Instructions to follow
Every line below from the one containing "Proof. exact: is_deriveM. Qed." through the one containing "Proof. by move=>" must be transcribed exactly. Omit all lines outside that stretch.

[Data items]
▬▬▬▬▬▬▬▬▬▬

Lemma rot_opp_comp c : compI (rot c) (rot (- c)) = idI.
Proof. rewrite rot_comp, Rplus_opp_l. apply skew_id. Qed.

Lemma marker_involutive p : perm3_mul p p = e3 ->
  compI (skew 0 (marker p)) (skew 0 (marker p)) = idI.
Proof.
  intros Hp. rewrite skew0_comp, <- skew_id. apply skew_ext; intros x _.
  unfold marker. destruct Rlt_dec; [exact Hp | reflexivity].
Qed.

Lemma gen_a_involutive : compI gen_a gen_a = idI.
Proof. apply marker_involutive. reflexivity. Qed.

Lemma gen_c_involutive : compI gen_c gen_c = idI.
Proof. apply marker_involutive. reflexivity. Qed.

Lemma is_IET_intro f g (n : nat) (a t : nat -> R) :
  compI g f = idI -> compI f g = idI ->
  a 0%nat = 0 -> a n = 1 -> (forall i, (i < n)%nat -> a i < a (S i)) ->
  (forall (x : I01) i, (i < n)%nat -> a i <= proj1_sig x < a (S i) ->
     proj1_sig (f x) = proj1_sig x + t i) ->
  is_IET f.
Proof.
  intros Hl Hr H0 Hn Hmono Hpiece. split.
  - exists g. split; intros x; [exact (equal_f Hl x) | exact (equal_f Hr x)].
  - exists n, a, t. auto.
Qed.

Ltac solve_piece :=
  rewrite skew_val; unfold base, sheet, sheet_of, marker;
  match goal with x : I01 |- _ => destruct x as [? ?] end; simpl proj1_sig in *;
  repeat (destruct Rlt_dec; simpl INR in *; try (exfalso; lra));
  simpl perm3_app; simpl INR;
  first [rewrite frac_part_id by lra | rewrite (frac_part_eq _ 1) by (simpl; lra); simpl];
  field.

▬▬▬▬▬▬▬▬▬▬

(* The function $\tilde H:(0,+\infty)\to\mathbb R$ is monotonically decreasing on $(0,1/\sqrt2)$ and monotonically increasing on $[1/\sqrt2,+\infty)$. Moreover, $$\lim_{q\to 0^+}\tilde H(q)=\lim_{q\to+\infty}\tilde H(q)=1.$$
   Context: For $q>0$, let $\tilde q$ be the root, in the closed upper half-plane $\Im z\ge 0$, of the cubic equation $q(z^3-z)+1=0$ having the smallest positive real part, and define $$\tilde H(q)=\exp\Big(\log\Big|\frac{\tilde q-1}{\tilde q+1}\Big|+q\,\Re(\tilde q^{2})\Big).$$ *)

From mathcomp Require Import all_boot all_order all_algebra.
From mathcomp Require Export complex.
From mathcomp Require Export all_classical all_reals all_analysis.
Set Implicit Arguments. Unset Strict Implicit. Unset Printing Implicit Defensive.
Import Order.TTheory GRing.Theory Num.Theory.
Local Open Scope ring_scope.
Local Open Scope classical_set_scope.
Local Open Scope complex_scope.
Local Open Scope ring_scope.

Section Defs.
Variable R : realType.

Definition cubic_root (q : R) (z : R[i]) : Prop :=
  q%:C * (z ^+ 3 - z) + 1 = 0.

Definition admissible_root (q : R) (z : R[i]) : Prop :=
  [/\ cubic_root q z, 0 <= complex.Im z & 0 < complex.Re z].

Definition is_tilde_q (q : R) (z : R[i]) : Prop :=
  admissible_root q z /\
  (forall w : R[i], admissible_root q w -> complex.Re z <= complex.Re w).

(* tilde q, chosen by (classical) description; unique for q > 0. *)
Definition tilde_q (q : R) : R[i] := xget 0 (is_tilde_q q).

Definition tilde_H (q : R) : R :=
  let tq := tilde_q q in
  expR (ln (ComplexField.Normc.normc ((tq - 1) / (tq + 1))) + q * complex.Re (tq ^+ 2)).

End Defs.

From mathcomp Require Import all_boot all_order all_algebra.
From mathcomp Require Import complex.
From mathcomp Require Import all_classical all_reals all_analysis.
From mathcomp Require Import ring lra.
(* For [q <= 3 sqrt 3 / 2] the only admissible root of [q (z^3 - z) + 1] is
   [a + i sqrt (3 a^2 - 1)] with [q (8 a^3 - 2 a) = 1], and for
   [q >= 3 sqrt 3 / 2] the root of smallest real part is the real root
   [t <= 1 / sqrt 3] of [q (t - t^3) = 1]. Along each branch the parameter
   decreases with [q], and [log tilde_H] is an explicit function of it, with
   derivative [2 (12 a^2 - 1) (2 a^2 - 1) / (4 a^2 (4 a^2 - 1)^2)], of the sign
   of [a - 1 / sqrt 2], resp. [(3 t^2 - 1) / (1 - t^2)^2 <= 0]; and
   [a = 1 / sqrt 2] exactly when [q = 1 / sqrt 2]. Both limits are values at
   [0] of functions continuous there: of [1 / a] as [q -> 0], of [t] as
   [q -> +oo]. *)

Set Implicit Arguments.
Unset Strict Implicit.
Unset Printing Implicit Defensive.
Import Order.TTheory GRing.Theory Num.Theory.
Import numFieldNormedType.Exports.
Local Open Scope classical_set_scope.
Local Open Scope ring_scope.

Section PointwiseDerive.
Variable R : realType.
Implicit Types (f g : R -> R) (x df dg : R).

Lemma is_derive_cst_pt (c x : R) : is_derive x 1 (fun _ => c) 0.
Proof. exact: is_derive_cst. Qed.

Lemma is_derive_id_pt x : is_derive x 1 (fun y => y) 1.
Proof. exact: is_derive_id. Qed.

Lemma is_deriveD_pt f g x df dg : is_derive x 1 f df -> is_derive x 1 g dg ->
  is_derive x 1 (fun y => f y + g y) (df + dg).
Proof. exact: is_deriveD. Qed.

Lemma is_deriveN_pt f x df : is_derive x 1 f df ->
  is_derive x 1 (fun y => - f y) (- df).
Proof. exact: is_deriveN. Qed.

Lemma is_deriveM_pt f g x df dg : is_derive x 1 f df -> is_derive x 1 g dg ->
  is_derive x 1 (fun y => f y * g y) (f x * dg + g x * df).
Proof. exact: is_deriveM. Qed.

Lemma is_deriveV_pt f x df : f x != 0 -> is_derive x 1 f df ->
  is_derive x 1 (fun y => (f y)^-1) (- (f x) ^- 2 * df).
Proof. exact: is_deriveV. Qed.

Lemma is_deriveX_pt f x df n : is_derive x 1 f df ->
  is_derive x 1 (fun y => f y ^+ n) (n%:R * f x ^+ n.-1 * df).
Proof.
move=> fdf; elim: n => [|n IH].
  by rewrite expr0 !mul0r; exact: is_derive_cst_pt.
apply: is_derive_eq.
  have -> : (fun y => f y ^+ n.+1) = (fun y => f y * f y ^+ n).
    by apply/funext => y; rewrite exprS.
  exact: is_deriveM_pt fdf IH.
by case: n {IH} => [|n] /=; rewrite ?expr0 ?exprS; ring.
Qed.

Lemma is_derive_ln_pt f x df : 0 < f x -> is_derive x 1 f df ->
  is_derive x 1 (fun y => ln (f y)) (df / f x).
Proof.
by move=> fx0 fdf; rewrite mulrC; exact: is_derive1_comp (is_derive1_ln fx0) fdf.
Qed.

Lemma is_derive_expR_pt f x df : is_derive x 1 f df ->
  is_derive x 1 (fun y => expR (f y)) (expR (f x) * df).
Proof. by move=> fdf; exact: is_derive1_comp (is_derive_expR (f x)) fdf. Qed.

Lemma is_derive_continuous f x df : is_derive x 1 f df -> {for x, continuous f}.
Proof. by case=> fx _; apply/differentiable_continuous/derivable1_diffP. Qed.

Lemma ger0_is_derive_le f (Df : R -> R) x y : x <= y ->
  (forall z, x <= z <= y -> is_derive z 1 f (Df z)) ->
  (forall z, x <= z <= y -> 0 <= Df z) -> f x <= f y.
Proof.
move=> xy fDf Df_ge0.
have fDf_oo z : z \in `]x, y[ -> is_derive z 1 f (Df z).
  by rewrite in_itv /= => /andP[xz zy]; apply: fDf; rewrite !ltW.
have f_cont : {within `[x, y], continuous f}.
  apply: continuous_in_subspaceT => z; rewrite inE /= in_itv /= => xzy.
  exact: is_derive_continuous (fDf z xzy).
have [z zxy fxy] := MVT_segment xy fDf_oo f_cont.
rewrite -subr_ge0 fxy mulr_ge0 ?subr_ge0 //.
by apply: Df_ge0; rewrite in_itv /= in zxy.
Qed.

▬▬▬▬▬▬▬▬▬▬

Exercise answer
Proof. exact: is_deriveM. Qed.

Lemma is_deriveV_pt f x df : f x != 0 -> is_derive x 1 f df ->
  is_derive x 1 (fun y => (f y)^-1) (- (f x) ^- 2 * df).
Proof. exact: is_deriveV. Qed.

Lemma is_deriveX_pt f x df n : is_derive x 1 f df ->
  is_derive x 1 (fun y => f y ^+ n) (n%:R * f x ^+ n.-1 * df).
Proof.
move=> fdf; elim: n => [|n IH].
  by rewrite expr0 !mul0r; exact: is_derive_cst_pt.
apply: is_derive_eq.
  have -> : (fun y => f y ^+ n.+1) = (fun y => f y * f y ^+ n).
    by apply/funext => y; rewrite exprS.
  exact: is_deriveM_pt fdf IH.
by case: n {IH} => [|n] /=; rewrite ?expr0 ?exprS; ring.
Qed.

Lemma is_derive_ln_pt f x df : 0 < f x -> is_derive x 1 f df ->
  is_derive x 1 (fun y => ln (f y)) (df / f x).
Proof.
by move=> fx0 fdf; rewrite mulrC; exact: is_derive1_comp (is_derive1_ln fx0) fdf.
Qed.

Lemma is_derive_expR_pt f x df : is_derive x 1 f df ->
  is_derive x 1 (fun y => expR (f y)) (expR (f x) * df).
Proof. by move=> fdf; exact: is_derive1_comp (is_derive_expR (f x)) fdf. Qed.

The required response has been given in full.